Figure 1. The Intestinal Immune System.

In the healthy state, the goblet cells secrete a layer of mucus that limits exposure of the intestinal epithelial cells to bacteria. Both the secretion of antimicrobial peptides (e.g., α-defensins) by Paneth cells and the production of immunoglobulin A (IgA) provide additional protection from luminal microbiota. Innate microbial sensing by epithelial cells, dendritic cells, and macrophages is mediated through pattern-recognition receptors such as toll-like receptors and nucleotide oligomerization domain (NOD) proteins.
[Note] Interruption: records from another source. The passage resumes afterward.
(* B X is the orthogonal projector onto R(B^k) = R(X): it is idempotent with
   range R(X), and Hermitian because R((B X)^* ) <= R(X^* ) = R(X). *)
Lemma is_coreEP_mulmx n (B X : 'M[C]_n) k :
  X *m B *m X = X -> colsp_eq X (B ^+ k) -> colsp_eq (ctrmx X) (B ^+ k) ->
  B *m X = projP (B ^+ k).
Proof.
move=> XBX XBk XsBk.
have idem : B *m X *m (B *m X) = B *m X by rewrite -!mulmxA (mulmxA X) XBX.
have BXBk : colsp_eq (B *m X) (B ^+ k).
  apply: colsp_eq_leq_rank.
    have /colsp_eqP[/(colsubmxMl B) XBk' _] := XBk.
    by apply: colsubmx_trans XBk' _; rewrite mulmxE -exprS colsubmx_exprS.
  by rewrite -(colsp_eq_rank XBk) -{1}XBX -mulmxA mxrankM_maxr.
symmetry; apply: projP_eq => //; apply: idem_colsubmx_herm => //.
rewrite ctrmx_mul; apply: colsubmx_trans (colsubmxMr _ _) _.
have /colsp_eqP[XsBk' _] := XsBk; have /colsp_eqP[_ BkBX] := BXBk.
exact: colsubmx_trans XsBk' BkBX.
Qed.

Lemma is_coreEP_uniq n (B X1 X2 : 'M[C]_n) :
  is_coreEP B X1 -> is_coreEP B X2 -> X1 = X2.
Proof.
move=> [XBX1 [k1 [index1 X1Bk X1sBk]]] [XBX2 [k2 [index2 X2Bk X2sBk]]].
have k12 := is_index_uniq index1 index2; subst k2.
have BX12 : B *m X1 = B *m X2.
  by rewrite (is_coreEP_mulmx XBX1 X1Bk X1sBk) (is_coreEP_mulmx XBX2 X2Bk X2sBk).
have /colsubmxP[W X2W] : colsubmx X2 X1.
  have /colsp_eqP[X2Bk' _] := X2Bk; have /colsp_eqP[_ BkX1] := X1Bk.
  exact: colsubmx_trans X2Bk' BkX1.
by rewrite -XBX1 -mulmxA BX12 mulmxA {1}X2W mulmxA XBX1 -X2W.
Qed.
(* Let $a\in\mathbb{D}$ and $\mathcal{T}\in\{\mathbb{T},\{a\}\}$. For each pair of distinct points $x_1,x_2\in X_{\mathcal{T}}=\mathcal{T}\times\partial\widehat{H^\infty}\times\mathbb{T}$ there exists $\tilde f\in B_{\mathcal{T}}$ such that $\tilde f(x_1)\neq\tilde f(x_2)$.
   Context: $\mathbb{D}$ is the open unit disc and $\mathbb{T}$ the unit circle. $H^\infty$ is the Banach algebra of bounded analytic functions on $\mathbb{D}$ with the supremum norm, $\mathcal{M}$ its maximal ideal space with the Gelfand (weak* ) topology, $\hat v$ the Gelfand transform of $v\in H^\infty$, $\widehat{H^\infty}=\{\hat v: v\in H^\infty\}\subset C(\mathcal{M})$, and $\partial\widehat{H^\infty}$ its Shilov boundary. $\mathcal{S}^\infty=\{f\in H(\mathbb{D}): f'\in H^\infty\}$; every $f\in\mathcal{S}^\infty$ extends continuously to the closed disc $\overline{\mathbb{D}}$, and $\hat f$ denotes this extension. For $\mathcal{T}\in\{\mathbb{T},\{a\}\}$, $X_{\mathcal{T}}=\mathcal{T}\times\partial\widehat{H^\infty}\times\mathbb{T}$ with the product topology, and for $f\in\mathcal{S}^\infty$, $\tilde f(z,\eta,w)=\hat f(z)+\widehat{f'}(\eta)\,w$ for $(z,\eta,w)\in X_{\mathcal{T}}$. $B_{\mathcal{T}}=\{\tilde f: f\in\mathcal{S}^\infty\}\subset C(X_{\mathcal{T}})$. *)

From Stdlib Require Import Reals List.
From Coquelicot Require Import Coquelicot.
Open Scope R_scope.

Definition Disc (z : C) : Prop := Cmod z < 1.
Definition Circle (z : C) : Prop := Cmod z = 1.

Definition cderiv (f : C -> C) (z : C) (l : C) : Prop :=
  @is_derive C_AbsRing C_NormedModule f z l.

(* H^infty: bounded holomorphic functions on D.  Each element is represented
   canonically by a function C -> C which vanishes outside D. *)
Definition Hinf (v : C -> C) : Prop :=
  (forall z, Disc z -> exists l, cderiv v z l) /\
  (exists M : R, forall z, Disc z -> Cmod (v z) <= M) /\
  (forall z, ~ Disc z -> v z = 0%C).

Definition one_H (z : C) : C := if Rlt_dec (Cmod z) 1 then 1%C else 0%C.

(* A functional is a map phi : (C -> C) -> C, normalised to vanish
   on non-elements of H^infty, so that distinct functionals on H^infty are
   distinct maps. *)
Definition MaxIdeal (phi : (C -> C) -> C) : Prop :=
  (forall v, ~ Hinf v -> phi v = 0%C) /\
  (forall u v, Hinf u -> Hinf v -> phi (fun z => u z + v z)%C = (phi u + phi v)%C) /\
  (forall (c : C) v, Hinf v -> phi (fun z => c * v z)%C = (c * phi v)%C) /\
  (forall u v, Hinf u -> Hinf v -> phi (fun z => u z * v z)%C = (phi u * phi v)%C) /\
  phi one_H = 1%C.

(* Gelfand transform: hat v (phi) = phi v.
   Closedness of E (a subset of M) for the Gelfand (weak-star) topology on M:
   E contains every phi in M all of whose basic weak-star neighbourhoods
   {psi : |psi v_i - phi v_i| < eps, i = 1..n} meet E. *)
Definition closed_M (E : ((C -> C) -> C) -> Prop) : Prop :=
  forall phi, MaxIdeal phi ->
    (forall (vs : list (C -> C)) (eps : R), 0 < eps ->
       exists psi, E psi /\ List.Forall (fun v => Cmod (phi v - psi v)%C < eps) vs) ->
    E phi.

Definition closed_boundary (E : ((C -> C) -> C) -> Prop) : Prop :=
  (forall phi, E phi -> MaxIdeal phi) /\ closed_M E /\
  (forall v, Hinf v ->
     exists phi0, E phi0 /\ forall phi, MaxIdeal phi -> Cmod (phi v) <= Cmod (phi0 v)).

(* Shilov boundary: the smallest closed boundary, i.e. the intersection of all
   closed boundaries *)
Definition Shilov (phi : (C -> C) -> C) : Prop :=
  MaxIdeal phi /\ forall E, closed_boundary E -> E phi.

(* S^infty with derivative: f holomorphic on D with f' (canonical
   representative g, vanishing off D) in H^infty *)
Definition Sinf_with_deriv (f g : C -> C) : Prop :=
  Hinf g /\ forall z, Disc z -> cderiv f z (g z).

Definition ext_value (f : C -> C) (z L : C) : Prop :=
  filterlim f (within Disc (locally z)) (locally L).

Definition in_X (T : C -> Prop) (x : C * ((C -> C) -> C) * C) : Prop :=
  let '(z, eta, w) := x in T z /\ Shilov eta /\ Circle w.

From Stdlib Require Import Reals Lra Psatz FunctionalExtensionality Classical.
From Coquelicot Require Import Coquelicot.
Open Scope R_scope.

(* On a polynomial f,
   every eta in M acts as evaluation at s = eta(z), so
   f~(z, eta, w) = f(z) + f'(s) w, and when the z- or the w-coordinates differ a
   polynomial with prescribed critical points separates the points.  When only
   eta differs, pick v in H^infty with eta1(v) <> eta2(v) and let f be a
   primitive of v: by Goursat's lemma for rectangles,
   F(x + iy) = int_0^x v(t) dt + i int_0^y v(x + is) ds is one; it is Lipschitz
   since |F'| <= sup |v|, hence extends continuously to the closed disc. *)

Local Notation CR := C_R_CompleteNormedModule.

Lemma Cmod_le_Rabs_sum (z : C) : Cmod z <= Rabs (fst z) + Rabs (snd z).
Proof.
  destruct z as [a b]; simpl.
  pose proof (Rabs_pos a); pose proof (Rabs_pos b).
  apply Rsqr_incr_0_var; [| lra].
  unfold Cmod; simpl; rewrite Rsqr_sqrt by nra.
  pose proof (pow2_abs a); pose proof (pow2_abs b); unfold Rsqr; nra.
Qed.

Lemma Rabs_snd_le_Cmod (z : C) : Rabs (snd z) <= Cmod z.
Proof. pose proof (Rmax_Cmod z); pose proof (Rmax_r (Rabs (fst z)) (Rabs (snd z))); lra. Qed.

Lemma norm_CR (z : CR) : norm z = Cmod z.
Proof.
  destruct z as [a b]; unfold norm, Cmod; simpl; unfold prod_norm, norm; simpl; unfold abs; simpl.
  f_equal; rewrite !Rmult_1_r, <- !Rabs_mult, !Rabs_right by nra; reflexivity.
Qed.

Lemma Cmod_horizontal (t t0 y : R) : Cmod ((t, y) - (t0, y))%C = Rabs (t - t0).
Proof.
  replace ((t, y) - (t0, y))%C with (RtoC (t - t0)) by (apply injective_projections; simpl; ring).
  apply Cmod_R.
Qed.

Lemma Cmod_vertical (s s0 x : R) : Cmod ((x, s) - (x, s0))%C = Rabs (s - s0).
Proof.
  replace ((x, s) - (x, s0))%C with (Ci * RtoC (s - s0))%C by (apply injective_projections; simpl; ring).
  rewrite Cmod_mult, Cmod_Ci, Cmod_R; ring.
Qed.

Lemma Rabs_coord_diff_le_Cmod (x y x' y' : R) :
  Rabs (x' - x) <= Cmod ((x', y') - (x, y))%C /\ Rabs (y' - y) <= Cmod ((x', y') - (x, y))%C.
Proof. split; [apply (re_le_Cmod ((x', y') - (x, y))%C) | apply (Rabs_snd_le_Cmod ((x', y') - (x, y))%C)]. Qed.
(* Proves a statement about a word G, quantified over positions, from a
   piecewise-linear description [spec] of G: every value G x is replaced by
   a fresh variable constrained by [spec x], and linear arithmetic concludes. *)
Ltac by_spec G spec :=
  repeat (hnf; match goal with |- forall _ : nat, _ => intro end);
  repeat match goal with |- context [G ?x] => have := spec x; move: (G x) => ? end;
  lia.

Definition fish_perm_word n (w : nat -> nat) := perm_word n w /\ fish_word n w.

Section FamilyI.
Variables n k : nat.
Hypothesis kn : k < n.

Lemma g1_spec x :
  (x < k /\ g1 n k x = x) \/ (x = k /\ g1 n k x + 1 = n) \/ (k < x /\ g1 n k x + 1 = x).
Proof. rewrite /g1; do ![case: ifPn => ?]; lia. Qed.

Lemma g1_fish : fish_perm_word n (g1 n k).
Proof. by do !split; by_spec (g1 n k) g1_spec. Qed.

End FamilyI.

Section FamilyII.
Variables n a k : nat.
Hypothesis ha : 1 <= a <= n.-2.
Hypothesis hk : 2 <= k <= n.-1.

Lemma g2_spec x :
  (x = 0 /\ g2 n a k x = a) \/ (1 <= x /\ x < k /\ x <= a /\ g2 n a k x + 1 = x) \/
  (x < k /\ a < x /\ g2 n a k x = x) \/ (x = k /\ g2 n a k x + 1 = n) \/
  (k < x /\ x <= a + 1 /\ g2 n a k x + 2 = x) \/ (k < x /\ a + 1 < x /\ g2 n a k x + 1 = x).
Proof. rewrite /g2 /skip_first; do ![case: ifPn => ?]; lia. Qed.

Lemma g2_fish : fish_perm_word n (g2 n a k).
Proof. by do !split; by_spec (g2 n a k) g2_spec. Qed.

End FamilyII.

Section FamilyIII.
Variables n a k : nat.
Hypothesis ha : 2 <= a <= n - 3.
Hypothesis hk : 1 <= k <= a.-1.

Lemma g3_spec x :
  (x = 0 /\ g3 n a k x = a) \/ (1 <= x /\ x <= k /\ g3 n a k x + 1 = x) \/
  (k < x /\ x + a <= k + n - 1 /\ g3 n a k x + k = x + a) \/
  (k + n - 1 < x + a /\ g3 n a k x + n = x + a).
Proof. rewrite /g3; do ![case: ifPn => ?]; lia. Qed.

Lemma g3_fish : fish_perm_word n (g3 n a k).
Proof. by do !split; by_spec (g3 n a k) g3_spec. Qed.

End FamilyIII.

Definition family_word n (w : nat -> nat) : Prop :=
  [\/ exists2 k, k < n & forall i, i < n -> w i = g1 n k i,
      exists a k, [/\ 1 <= a <= n.-2, 2 <= k <= n.-1 & forall i, i < n -> w i = g2 n a k i]
    | exists a k, [/\ 2 <= a <= n - 3, 1 <= k <= a.-1 & forall i, i < n -> w i = g3 n a k i]].

Section Classification.
Variables (n : nat) (w : nat -> nat).
Hypothesis n3 : 3 <= n.
Hypothesis Hr : forall i, i < n -> w i < n.
Hypothesis Hi : forall i j, i < n -> j < n -> w i = w j -> i = j.
Hypothesis Hfish : fishburn_word n w.
Hypothesis H321 : avoids321 n w.
Hypothesis H1324 : avoids1324 n w.

Let Hs : forall v, v < n -> exists2 i, i < n & w i = v :=
  perm_word_onto (conj Hr Hi).

(* The value 0 sits at position 0 or 1: otherwise w 0 w 1 0 would contain
   a 321 or a Fishburn pattern ending at the position of (w 0) - 1. *)
Lemma zero_in_front : w 0 = 0 \/ w 1 = 0.
Proof.
have [p pn wp] := Hs (ltac:(lia) : 0 < n).
case: (ltnP p 2) => hp.
  by have [e|e] : p = 0 \/ p = 1 by [lia]; subst p; [left | right].
exfalso.
have ne0 : w 0 <> 0 by move=> h; have := Hi (ltac:(lia) : 0 < n) pn (etrans h (esym wp)); lia.
have ne1 : w 1 <> 0 by move=> h; have := Hi (ltac:(lia) : 1 < n) pn (etrans h (esym wp)); lia.
case: (ltngtP (w 0) (w 1)) => h.
- have [q qn wq] : exists2 q, q < n & w q = (w 0).-1.
    by apply: Hs; have := Hr (ltac:(lia) : 0 < n); lia.
  have q0 : q != 0 by apply/eqP => q0; move: wq; rewrite q0; lia.
  by apply: (@Hfish 0 q); lia.
- by apply: (@H321 0 1 p); lia.
- by have := Hi (ltac:(lia) : 0 < n) (ltac:(lia) : 1 < n) h; lia.
Qed.

Section ZeroFirst.
Hypothesis w00 : w 0 = 0.

Section FirstMoved.
Variable k : nat.
Hypothesis kn : k < n.
Hypothesis fixed : forall i, i < k -> w i = i.
Hypothesis moved : w k != k.

Lemma prefix_values i v : i < n -> v < k -> w i = v -> i = v.
Proof. by move=> iN vk h; apply: Hi; [| lia | rewrite (fixed vk)]. Qed.

Lemma moved_up : k < w k.
Proof.
case: (ltngtP (w k) k) => // h; last by move: moved; rewrite h eqxx.
by have := prefix_values kn h (erefl _); lia.
Qed.

Lemma moved_pos : 0 < k.
Proof. by rewrite lt0n; apply: contra moved => /eqP ->; rewrite w00. Qed.

(* The value k comes right after position k: if it came later, the entry
   at k+1 would form a 321 with k and the value k, or a Fishburn pattern. *)
Lemma next_value : w k.+1 = k.
Proof.
have wk := moved_up.
have [q qn wq] := Hs kn.
have kq : k < q.
  case: (ltngtP q k) => // h; last by move: moved; rewrite -h wq h eqxx.
  by have := fixed h; lia.
case: (ltnP k.+1 q) => hq; last by have <- : q = k.+1 by lia.
exfalso.
have k1n : k.+1 < n by lia.
have above : k < w k.+1.
  case: (ltngtP (w k.+1) k) => // h; first by have := prefix_values k1n h (erefl _); lia.
  by have := Hi k1n qn (etrans h (esym wq)); lia.
case: (ltngtP (w k.+1) (w k)) => h.
- by apply: (@H321 k k.+1 q); lia.
- have [j jn wj] : exists2 j, j < n & w j = (w k).-1 by apply: Hs; have := Hr kn; lia.
  have kj : k < j.
    case: (ltngtP j k) => // h2; first by have := fixed h2; lia.
    by move: wj; rewrite h2; lia.
  by apply: (@Hfish k j); lia.
- by have := Hi k1n kn h; lia.
Qed.

(* The moved entry is the maximum n-1, otherwise 0 k (w k) (n-1) is a 1324. *)
Lemma moved_is_max : w k = n.-1.
Proof.
have wk := moved_up; have k0 := moved_pos; have wk1 := next_value.
have := Hr kn; case: (ltnP (w k) n.-1) => h1 h2; last by lia.
exfalso.
have [r rn wr] : exists2 r, r < n & w r = n.-1 by apply: Hs; lia.
case: (ltnP k.+1 r) => hr; first by apply: (@H1324 0 k k.+1 r); lia.
case: (ltngtP r k) => h3.
- by have := fixed h3; lia.
- by have e : r = k.+1 by [lia]; move: wr; rewrite e wk1; lia.
- by move: wr; rewrite h3; lia.
Qed.

(* After position k+1 the word increases (a descent would be a 321 with the
   maximum at k) through the remaining values k+1 .. n-2. *)
Lemma tail_values i : k.+1 < i -> i < n -> w i = i.-1.
Proof.
move=> ki iN.
have wkM := moved_is_max; have wk1 := next_value.
have inc : forall j, k.+2 <= j -> j.+1 < n -> w j < w j.+1.
  move=> j hj hj1.
  have jn : j < n by lia.
  case: (ltngtP (w j) (w j.+1)) => // h; last by have := Hi jn hj1 h; lia.
  have wjM : w j != n.-1.
    by apply/eqP => e; have := Hi jn kn (etrans e (esym wkM)); lia.
  by exfalso; apply: (@H321 k j j.+1); try lia; have := Hr jn; lia.
have k2n : k.+2 < n by lia.
have lowb : k.+1 <= w k.+2.
  case: (ltnP (w k.+2) k) => h1; first by have := prefix_values k2n h1 (erefl _); lia.
  case: (eqVneq (w k.+2) k) => h2; last by lia.
  by have := Hi k2n (ltac:(lia) : k.+1 < n) (etrans h2 (esym wk1)); lia.
have upb : w n.-1 <= n.-2.
  have := Hr (ltac:(lia) : n.-1 < n); case: (eqVneq (w n.-1) n.-1) => e; last by lia.
  by have := Hi (ltac:(lia) : n.-1 < n) kn (etrans e (esym wkM)); lia.
by have := increasing_shift inc k2n lowb (ltac:(lia) : w n.-1 <= k.+1 + (n.-1 - k.+2)) ki iN; lia.
Qed.

Lemma first_moved_shape i : i < n -> w i = g1 n k i.
Proof.
move=> iN; have := g1_spec kn i.
case: (ltnP i k) => [ik | ki]; first by rewrite fixed //; lia.
case: (ltnP k.+1 i) => [k1i | ik1]; first by rewrite tail_values //; lia.
have [->|->] : i = k \/ i = k.+1 by lia.
- by rewrite moved_is_max; lia.
- by rewrite next_value; lia.
Qed.

End FirstMoved.

Lemma zero_first_family : exists2 k, k < n & forall i, i < n -> w i = g1 n k i.
Proof.
case: (pickP (fun i : 'I_n => w i != i)) => [i0 /= hi0 | hnone]; last first.
  exists n.-1; first by lia.
  move=> i iN; have := hnone (Ordinal iN); rewrite /= => /negbFE/eqP ->.
  by have := g1_spec (ltac:(lia) : n.-1 < n) i; lia.
have ex : exists k, (k < n) && (w k != k) by exists i0; rewrite ltn_ord hi0.
case: (ex_minnP ex) => k /andP[kn moved] kmin.
have fixed : forall i, i < k -> w i = i.
  move=> i ik; have iN : i < n by lia.
  apply/eqP; apply: contraTT ik => h; rewrite -leqNgt; apply: kmin.
  by rewrite h iN.
by exists k => //; apply: first_moved_shape.
Qed.

End ZeroFirst.

Section OneSecond.
Hypothesis w10 : w 1 = 0.
Local Notation a := (w 0).

Lemma first_pos : 0 < a.
Proof.
case: (posnP a) => // h.
by have := Hi (ltac:(lia) : 0 < n) (ltac:(lia) : 1 < n) (etrans h (esym w10)).
Qed.

Lemma others_not_first i : 0 < i -> i < n -> w i != a.
Proof. by move=> i0 iN; apply/eqP => h; have := Hi iN (ltac:(lia) : 0 < n) h; lia. Qed.

Lemma below_first_increasing i j :
  0 < i -> i < j -> j < n -> w i < a -> w j < a -> w i < w j.
Proof.
move=> i0 ij jn hi hj; case: (ltngtP (w i) (w j)) => // h.
- by exfalso; apply: (@H321 0 i j).
- by have := Hi (ltac:(lia) : i < n) jn h; lia.
Qed.

Lemma first_max_family : n.-1 <= a -> forall i, i < n -> w i = g1 n 0 i.
Proof.
move=> aM i iN.
have small : forall j, 0 < j -> j < n -> w j < a.
  by move=> j j0 jn; have := Hr jn; have := others_not_first j0 jn; lia.
have inc : forall j, 1 <= j -> j.+1 < n -> w j < w j.+1.
  by move=> j j0 jn; apply: below_first_increasing => //; apply: small; lia.
have := g1_spec (ltac:(lia) : 0 < n) i; have aN := Hr (ltac:(lia) : 0 < n).
case: (posnP i) => [-> | i0]; first by lia.
have last_small := small n.-1 (ltac:(lia)) (ltac:(lia)).
have := increasing_shift inc (ltac:(lia) : 1 < n) (leq0n (w 1))
  (ltac:(lia) : w n.-1 <= 0 + (n.-1 - 1)) i0 iN.
lia.
Qed.
(* Let $\mathcal{A}=\{1,\dots,K\}$ be a finite set of arms, each arm $i$ having a feature vector $\mathbf{x}_i\in\mathbb{R}^d$, and let $\boldsymbol{\theta}\in\mathbb{R}^d$ be an unknown parameter with mean rewards $\mu_i=\mathbf{x}_i^T\boldsymbol{\theta}$ and $\mu_*=\max_{i\in\mathcal{A}}\mu_i$. Fix a round $t$, a positive definite matrix $\mathbf{V}_t\in\mathbb{R}^{d\times d}$, estimates $\hat{\mu}_{i,t}\in\mathbb{R}$ for $i\in\mathcal{A}$, and $\beta>0$ such that $|\hat{\mu}_{i,t}-\mu_i|\le \beta\|\mathbf{x}_i\|_{\mathbf{V}_t^{-1}}$ for all $i\in\mathcal{A}$. Let $i_*\in\arg\max_{i\in\mathcal{A}}\big(\hat{\mu}_{i,t}-\beta\|\mathbf{x}_i\|_{\mathbf{V}_t^{-1}}\big)$, and for each $i\in\mathcal{A}$ define $$S_{i,t}=\beta\big(\|\mathbf{x}_i\|_{\mathbf{V}_t^{-1}}+\|\mathbf{x}_{i_*}\|_{\mathbf{V}_t^{-1}}\big)-\big(\hat{\mu}_{i_*,t}-\hat{\mu}_{i,t}\big).$$ Then: (1) if $S_{i,t}<0$, arm $i$ is suboptimal, i.e. $\mu_*-\mu_i>0$; (2) if $S_{i,t}\ge S_{j,t}\ge 0$, then $\hat{\mu}_{i,t}+\beta\|\mathbf{x}_i\|_{\mathbf{V}_t^{-1}}\ge \hat{\mu}_{j,t}+\beta\|\mathbf{x}_j\|_{\mathbf{V}_t^{-1}}$.
   Context: For a positive definite matrix $\mathbf{M}$ and vector $\mathbf{x}$, $\|\mathbf{x}\|_{\mathbf{M}}=\sqrt{\mathbf{x}^T\mathbf{M}\mathbf{x}}$. In the paper $\mathbf{V}_t$ is the regularized Gram matrix of selected feature vectors and $\hat{\mu}_{i,t}=\mathbf{x}_i^T\hat{\boldsymbol{\theta}}_t$ with $\hat{\boldsymbol{\theta}}_t$ the least-squares estimate; the lemma only uses that $\mathbf{V}_t$ is positive definite and the stated confidence-bound inequality. *)

From HB Require Import structures.
From mathcomp Require Import all_boot all_order all_algebra.
Set Implicit Arguments. Unset Strict Implicit. Unset Printing Implicit Defensive.
Import Order.TTheory GRing.Theory Num.Theory.
Local Open Scope ring_scope.

Definition mnorm (R : rcfType) (d : nat) (M : 'M[R]_d) (x : 'cV[R]_d) : R :=
  Num.sqrt ((x^T *m M *m x) 0 0).

Definition posdef (R : rcfType) (d : nat) (M : 'M[R]_d) : Prop :=
  M^T = M /\ forall x : 'cV[R]_d, x != 0 -> 0 < (x^T *m M *m x) 0 0.

Definition mean_reward (R : rcfType) (d : nat) (x : 'cV[R]_d) (theta : 'cV[R]_d) : R :=
  (x^T *m theta) 0 0.

(* mu_* = max over the K = n.+1 arms *)
Definition mu_star (R : rcfType) (n : nat) (mu : 'I_n.+1 -> R) : R :=
  \big[Num.max/mu ord0]_(i < n.+1) mu i.

From HB Require Import structures.
From mathcomp Require Import all_boot all_order all_algebra.
Import Order.TTheory GRing.Theory Num.Theory.
Local Open Scope ring_scope.
From mathcomp Require Import lra.

(* Both claims are bookkeeping on confidence intervals.  If [S i < 0], the
   lower confidence bound of [istar] lies above the upper confidence bound of
   [i], so [mu i < mu istar <= mu_*].  And in [S i] the terms involving [istar]
   do not depend on [i], so [S i] is the upper confidence bound of [i] shifted
   by a constant, and comparing [S i] with [S j] compares those bounds.
   Neither claim needs positive definiteness, [0 < beta], the choice of
   [istar] as a maximiser, or [0 <= S j]. *)

Lemma le_mu_star (R : rcfType) (n : nat) (mu : 'I_n.+1 -> R) (k : 'I_n.+1) :
  mu k <= mu_star mu.
Proof. exact: le_bigmax. Qed.

Lemma mu_star_gap_gt0 {R : rcfType} {n : nat} (mu : 'I_n.+1 -> R) (i k : 'I_n.+1) :
  mu i < mu k -> 0 < mu_star mu - mu i.
Proof. by move=> lt_ik; rewrite subr_gt0 (lt_le_trans lt_ik) ?le_mu_star. Qed.

Lemma confidence_bounds (R : realDomainType) (muhat mu w : R) :
  `|muhat - mu| <= w -> muhat - w <= mu <= muhat + w.
Proof. by rewrite distrC ler_distl. Qed.

Lemma lt_of_disjoint_confidence (R : realDomainType) (muhat_i mu_i w_i muhat_k mu_k w_k : R) :
  `|muhat_i - mu_i| <= w_i -> `|muhat_k - mu_k| <= w_k ->
  muhat_i + w_i < muhat_k - w_k -> mu_i < mu_k.
Proof.
move=> /confidence_bounds/andP[_ ub_i] /confidence_bounds/andP[lb_k _] disj.
by rewrite (le_lt_trans ub_i) // (lt_le_trans disj).
Qed.

Theorem lemma1 (R : rcfType) (d n : nat)
  (x : 'I_n.+1 -> 'cV[R]_d) (theta : 'cV[R]_d) (V : 'M[R]_d)
  (muhat : 'I_n.+1 -> R) (beta : R) (istar : 'I_n.+1) :
  posdef V ->
  0 < beta ->
  (forall i, `|muhat i - mean_reward (x i) theta| <= beta * mnorm (invmx V) (x i)) ->
  (forall j, muhat j - beta * mnorm (invmx V) (x j)
             <= muhat istar - beta * mnorm (invmx V) (x istar)) ->
  let S := fun i => beta * (mnorm (invmx V) (x i) + mnorm (invmx V) (x istar))
                    - (muhat istar - muhat i) in
  (forall i, S i < 0 ->
     mu_star (fun k => mean_reward (x k) theta) - mean_reward (x i) theta > 0) /\
  (forall i j, S j <= S i -> 0 <= S j ->
     muhat j + beta * mnorm (invmx V) (x j) <= muhat i + beta * mnorm (invmx V) (x i)).
Proof.
move=> _ _ conf _ S.
set w := fun i => beta * mnorm (invmx V) (x i).
have S_ucb i : S i = muhat i + w i - (muhat istar - w istar).
  by rewrite /S /w; lra.
split=> [i S_lt0 | i j].
- apply: (mu_star_gap_gt0 _ _ istar).
  apply: lt_of_disjoint_confidence (conf i) (conf istar) _.
  by rewrite -subr_lt0 -/(w i) -/(w istar) -S_ucb.
- by rewrite !S_ucb lerD2r.
Qed.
Dendritic cells present antigens to naive CD4+ T cells in secondary lymphoid organs (Peyer’s patches and mesenteric lymph nodes), where factors such as the phenotype of the antigen-presenting cells and the cytokine milieu (transforming growth factor β [TGF-β] and interleukin-10) modulate differentiation of CD4+ T-cell subgroups with characteristic cytokine profiles (regulatory T cells [e.g., Treg] and helper T cells [e.g., Th1, Th2, and Th17]), and enterotropic molecules (e.g., α₄β₇) are induced that provide for gut homing of lymphocytes from the systemic circulation. These activated CD4+ T cells then circulate to the intestinal lamina propria, where they carry out effector functions.